BD+43 3654

Observation data Epoch J2000.0 Equinox ICRS
- Constellation: Cygnus
- Right ascension: 20^{h} 33^{m} 36.079^{s}
- Declination: +43° 59′ 07.38″
- Apparent magnitude (V): 10.06

Characteristics
- Spectral type: O4If
- Apparent magnitude (B): 11.245
- Apparent magnitude (J): 6.636
- Apparent magnitude (H): 6.198
- Apparent magnitude (K): 5.973

Astrometry
- Proper motion (μ): RA: 0.5 ± 1.3 mas/yr Dec.: 2.0 ± 1.3 mas/yr
- Parallax (π): 0.6057±0.0304 mas
- Distance: 5,400 ± 300 ly (1,650 ± 80 pc)
- Absolute magnitude (M_{V}): −6.27

Details
- Mass: 64.6 M_{☉}
- Radius: 18.8 R_{☉}
- Luminosity (bolometric): 850,000 L_{☉}
- Temperature: 40,422 K
- Age: 2.0 Myr
- Other designations: BD+43 3654, GSC 03165-00228, TYC 3165-228-1, 2MASS J20333607+4359075

Database references
- SIMBAD: data

= BD+43 3654 =

Star in the constellation Cygnus

BD+43 3654 is a massive luminous blue supergiant runaway star in the constellation Cygnus.

==Features==
BD+43 3654 has a spectral type of O4If with a mass around 65 times higher than the Sun, likely 850,000 times brighter, and very young, with an age that has been estimated to be around 2 million years. Its distance to the Solar System has been estimated to be 1.45 kiloparsecs (4,700 light-years) and it is moving at high speed through the interstellar medium, creating a bow shock.

==Origin==
Studies of the trajectory and speed of BD+43 3654 relative to the other stars of the nearby, massive stellar association Cygnus OB2 suggest it is a runaway star, making it one of the most massive runaway stars known in the Milky Way (along with the O-type supergiants Lambda Cephei and Zeta Puppis). Initially it was suggested a supernova explosion of a former binary system companion star caused the high velocity of BD+43 3654.
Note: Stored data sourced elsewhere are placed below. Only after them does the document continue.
(* Write Y = L(X, [0,1]).  Invariance of L gives L(theta_c X, [0,1]) = Y - c
   (mod 1), and stationarity (extended from finite-dimensional rectangles to
   the cylindrical sigma-field by a pi-lambda argument) says theta_c X and X
   have the same law on that sigma-field.  Hence the law of the fractional
   part of Y - t is invariant under rotations, so it gives mass 1/n to
   [0, 1/n), i.e. P(t <= Y < t + 1/n) = 1/n.  On that event L(X, [0,T]) = Y by
   the restriction property (iv), so the integral of f over [t, t + 1/n) is
   at least 1/n for every large n; if f(t) < 1, right-continuity of f at t
   contradicts this. *)

From Pilot Require Import Defs.
From HB Require Import structures.
From mathcomp Require Import all_boot all_order all_algebra.
From mathcomp Require Import all_classical all_reals all_analysis.
From mathcomp Require Import lra measurable_realfun.
Import Order.TTheory GRing.Theory Num.Theory.
Import numFieldNormedType.Exports.
Local Open Scope classical_set_scope.
Local Open Scope ring_scope.

Section cylinder_law.
Variables (R : realType) (H : set (R -> R)) (d : measure_display)
  (Omega : measurableType d) (P : probability Omega R) (X : Omega -> R -> R).
Hypothesis HX : periodic_stationary_process H P X.
Hypothesis Hsh : period1_shift_invariant H.

(* A finite cylinder is encoded by the list of its constraints [(t_i, B_i)]. *)
Fixpoint in_cyl (s : seq (R * set R)) (g : R -> R) : Prop :=
  if s is p :: s' then p.2 (g p.1) /\ in_cyl s' g else True.

Fixpoint cyl_measurable (s : seq (R * set R)) : Prop :=
  if s is p :: s' then measurable p.2 /\ cyl_measurable s' else True.

Definition shift_cyl (c : R) (s : seq (R * set R)) := map (fun p => (p.1 + c, p.2)) s.

Lemma in_cyl_cat s1 s2 g : in_cyl (s1 ++ s2) g <-> in_cyl s1 g /\ in_cyl s2 g.
Proof. by elim: s1 => [|p s1 IH] /=; [tauto | rewrite IH; tauto]. Qed.

Lemma cyl_measurable_cat s1 s2 :
  cyl_measurable s1 -> cyl_measurable s2 -> cyl_measurable (s1 ++ s2).
Proof. by elim: s1 => [|p s1 IH] //= [? ?] ?; split => //; apply: IH. Qed.

Lemma in_cyl_shift c s g : in_cyl s (Defs.shift c g) <-> in_cyl (shift_cyl c s) g.
Proof. by elim: s => [|p s IH] //=; rewrite IH. Qed.

Lemma cyl_measurable_shift c s : cyl_measurable s -> cyl_measurable (shift_cyl c s).
Proof. by elim: s => [|p s IH] //= [? ?]; split => //; apply: IH. Qed.

Let d0 : R * set R := (0, setT).

Lemma in_cyl_nth s g :
  in_cyl s g <-> forall i : 'I_(size s), (nth d0 s i).2 (g (nth d0 s i).1).
Proof.
elim: s => [|p s IH] /=; first by split => // _ [].
rewrite IH; split => [[gp gs] [[|i] /= Hi] //|h]; first exact: (gs (@Ordinal _ i Hi)).
by split; [exact: (h ord0) | move=> i; exact: (h (lift ord0 i))].
Qed.

Lemma cyl_measurable_nth s i : cyl_measurable s -> measurable (nth d0 s i).2.
Proof.
elim: s i => [|p s IH] [|i] /=; try by move=> *; exact: measurableT.
- by case.
- by case=> _; apply: IH.
Qed.

Lemma measurable_in_cyl s : cyl_measurable s -> measurable [set w | in_cyl s (X w)].
Proof.
case: HX => mX _; elim: s => [|p s IH] /=; first by move=> _; exact: measurableT.
move=> [mp ms]; apply: measurableI; last exact: IH.
by rewrite -[X in measurable X]setTI; exact: mX.
Qed.

Lemma P_in_cyl_shift c s : cyl_measurable s ->
  P [set w | in_cyl s (Defs.shift c (X w))] = P [set w | in_cyl s (X w)].
Proof.
move=> ms; case: HX => _ [_ [_ stat]].
have E g : in_cyl s g = forall i : 'I_(size s), (nth d0 s i).2 (g (nth d0 s i).1).
  exact/propext/in_cyl_nth.
rewrite /Defs.shift; under eq_set => w do rewrite E.
under [in RHS]eq_set => w do rewrite E.
exact: (stat _ (fun i => (nth d0 s i).1) (fun i => (nth d0 s i).2) c
  (fun i => cyl_measurable_nth _ i ms)).
Qed.

Definition cyl_sets := [set A | exists s, cyl_measurable s /\ A = H `&` in_cyl s].

Definition shift_preserved (c : R) := [set A : set (R -> R) | A `<=` H /\
  measurable [set w | A (X w)] /\ measurable [set w | A (Defs.shift c (X w))] /\
  P [set w | A (X w)] = P [set w | A (Defs.shift c (X w))]].

Let H_X w : H (X w). Proof. by case: HX => _ []. Qed.

Let H_shiftX c w : H (Defs.shift c (X w)).
Proof. by case: Hsh => _; apply. Qed.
Later research shows that a supernova ejection would not produce such a high space velocity. Given that BD+43 3654 appears to be younger than most stars in Cygnus OB2, an alternative scenario has been proposed in which BD+43 3654 is a massive blue straggler born in an encounter between two former double stars in the core of Cygnus OB2. In this setting, two stars of each binary would collide and merge forming a larger, more massive star (BD+43 3654), that would be ejected from the stellar association along with two other stars. These additional stars would end by exploding as supernovae to leave behind two pulsars. B2020+28 and B2021+51 are identified as these pulsars, as their dynamics indicate they were expelled from Cygnus OB2. A derivative consequence of the latter scenario is that the brightest and most massive stars of Cygnus OB2 would be blue stragglers too.

Another theory is that runaways of this mass and velocity can be produced by an encounter between a massive single star and a close binary system. Such an encounter is expected to send the binary system in the opposite direction to the single star, and no such massive binary has been found corresponding to BD+43 3654.